The successful lipid emulsion usage for refractory cardiac arrest after brachial plexus block with bupivacaine was reported for the first time by Rosenblatt et al.[5] Also, several cases about reversal of cardiac and neurologic toxicity by local anesthetics using lipid emulsion were reported.[68] Oda and Ikeda[9] found that higher doses and concentrations of lipid binding bupivacaine were required to induce convulsion and cardiac arrest than those of free bupivacaine in rats. But it is not clear how lipid emulsion reverses the toxicity of local anesthetics. Recently, the “lipid sink” mechanism has explained that lipid globules surrounding bupivacaine creates decreased bupivacaine concentration.[10] Kuo and Akpa[11] had described the reduction of the tissue bupivacaine concentration by lipid binding through physiologically based pharmacokinetic (PBPK) model, and as the result the concentration of brain tissue could be reduced by 18% within the first 15 minutes.
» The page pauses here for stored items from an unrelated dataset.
(* separable: has a countable subset dense in the sup norm.
   (M is nonempty here, so a countable dense subset can be enumerated by nat.) *)
Definition separable (M : rseq -> Prop) : Prop :=
  exists d : nat -> rseq,
    (forall k, M (d k)) /\
    (forall x, M x -> forall eps, eps > 0 -> exists k, sup_close x (d k) eps).

Definition acc_point (x : rseq) (a : R) : Prop :=
  exists phi : nat -> nat,
    (forall k, (phi k < phi (S k))%nat) /\ Un_cv (fun k => x (phi k)) a.

Definition countably_infinite (S : R -> Prop) : Prop :=
  exists f : nat -> R,
    (forall i j, f i = f j -> i = j) /\
    (forall a, S a <-> exists i, f i = a).

Definition L_omega (x : rseq) : Prop :=
  bounded x /\ countably_infinite (acc_point x).

(** The positive integers form an infinite binary tree (node n
    has children 2n and 2n+1); a branch b : nat -> bool visits the nodes
    pref b 0 = 1, pref b 1, pref b 2, ...  Let [tree_space] consist of the
    bounded y : nat -> R which
    - concentrate on finitely many branches: for every eps > 0, |y n| <= eps
      for all large n that avoid some finite list of branches, and
    - are Cauchy along every branch.
    This is a closed linear subspace of l^infty, and it contains the indicator
    function of every branch.  M is its image under [embed], which spreads y
    over the coordinates (n, m) as y n * w m, where the weight sequence w
    takes each value 1 + 1/(j+1) infinitely often and stays in [1, 2].
    - M is linear and closed because [tree_space] is and [embed] is an
      isomorphism onto its image (with constant 2).
    - M is not separable: a diagonal branch, built from any countable family,
      has an embedded indicator at distance > 1/3 from every member.
    - For y <> 0 the values y n * (1 + 1/(j+1)) are infinitely many
      accumulation points of embed y, and every non-zero accumulation point is
      a weight limit times either some y n or the limit of y along one of
      countably many relevant branches; so there are exactly countably many. *)

From Pilot Require Import Defs.
From Stdlib Require Import Reals.
Open Scope R_scope.
From Stdlib Require Import Lra Lia List Cantor Wf_nat.
From Stdlib Require Import Classical ClassicalEpsilon FunctionalExtensionality FinFun.

(** * Branches of the binary tree *)

Fixpoint pref (b : nat -> bool) (k : nat) : nat :=
  match k with
  | O => 1%nat
  | S k => (2 * pref b k + (if b k then 1 else 0))%nat
  end.

Definition on_branch (b : nat -> bool) (n : nat) : Prop := exists k, n = pref b k.

Lemma pref_pos b k : (1 <= pref b k)%nat.
Proof. induction k; simpl; [lia | destruct (b k); lia]. Qed.

Lemma pref_increasing b k k' : (k < k')%nat -> (pref b k < pref b k')%nat.
Proof.
  assert (Hstep : forall j, (pref b j < pref b (S j))%nat).
  { intros j. pose proof (pref_pos b j). simpl; destruct (b j); lia. }
  induction 1; [apply Hstep | specialize (Hstep m); lia].
Qed.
Another alterative theory is suggested about direct inotropic effect of lipid infusion. Stehr et al.[12] reported the significant positive inotropic effects after lipid application in the case of cardiac depression by bupivacaine. Guidelines for the use of lipid emulsion in resuscitation of local anesthetic toxicity have been introduced through the American Society of Regional Anesthesia (ASRA) and the American Heart Association.[13] The recommended direction is initial intravenous bolus of 20% lipid emulsion (approximately 1.5 ml/kg of lean body mass) immediately followed by continuous infusion (approximately 0.25–0.5 ml/kg/min) for roughly 10 minutes until recovery of vital signs appears.[14]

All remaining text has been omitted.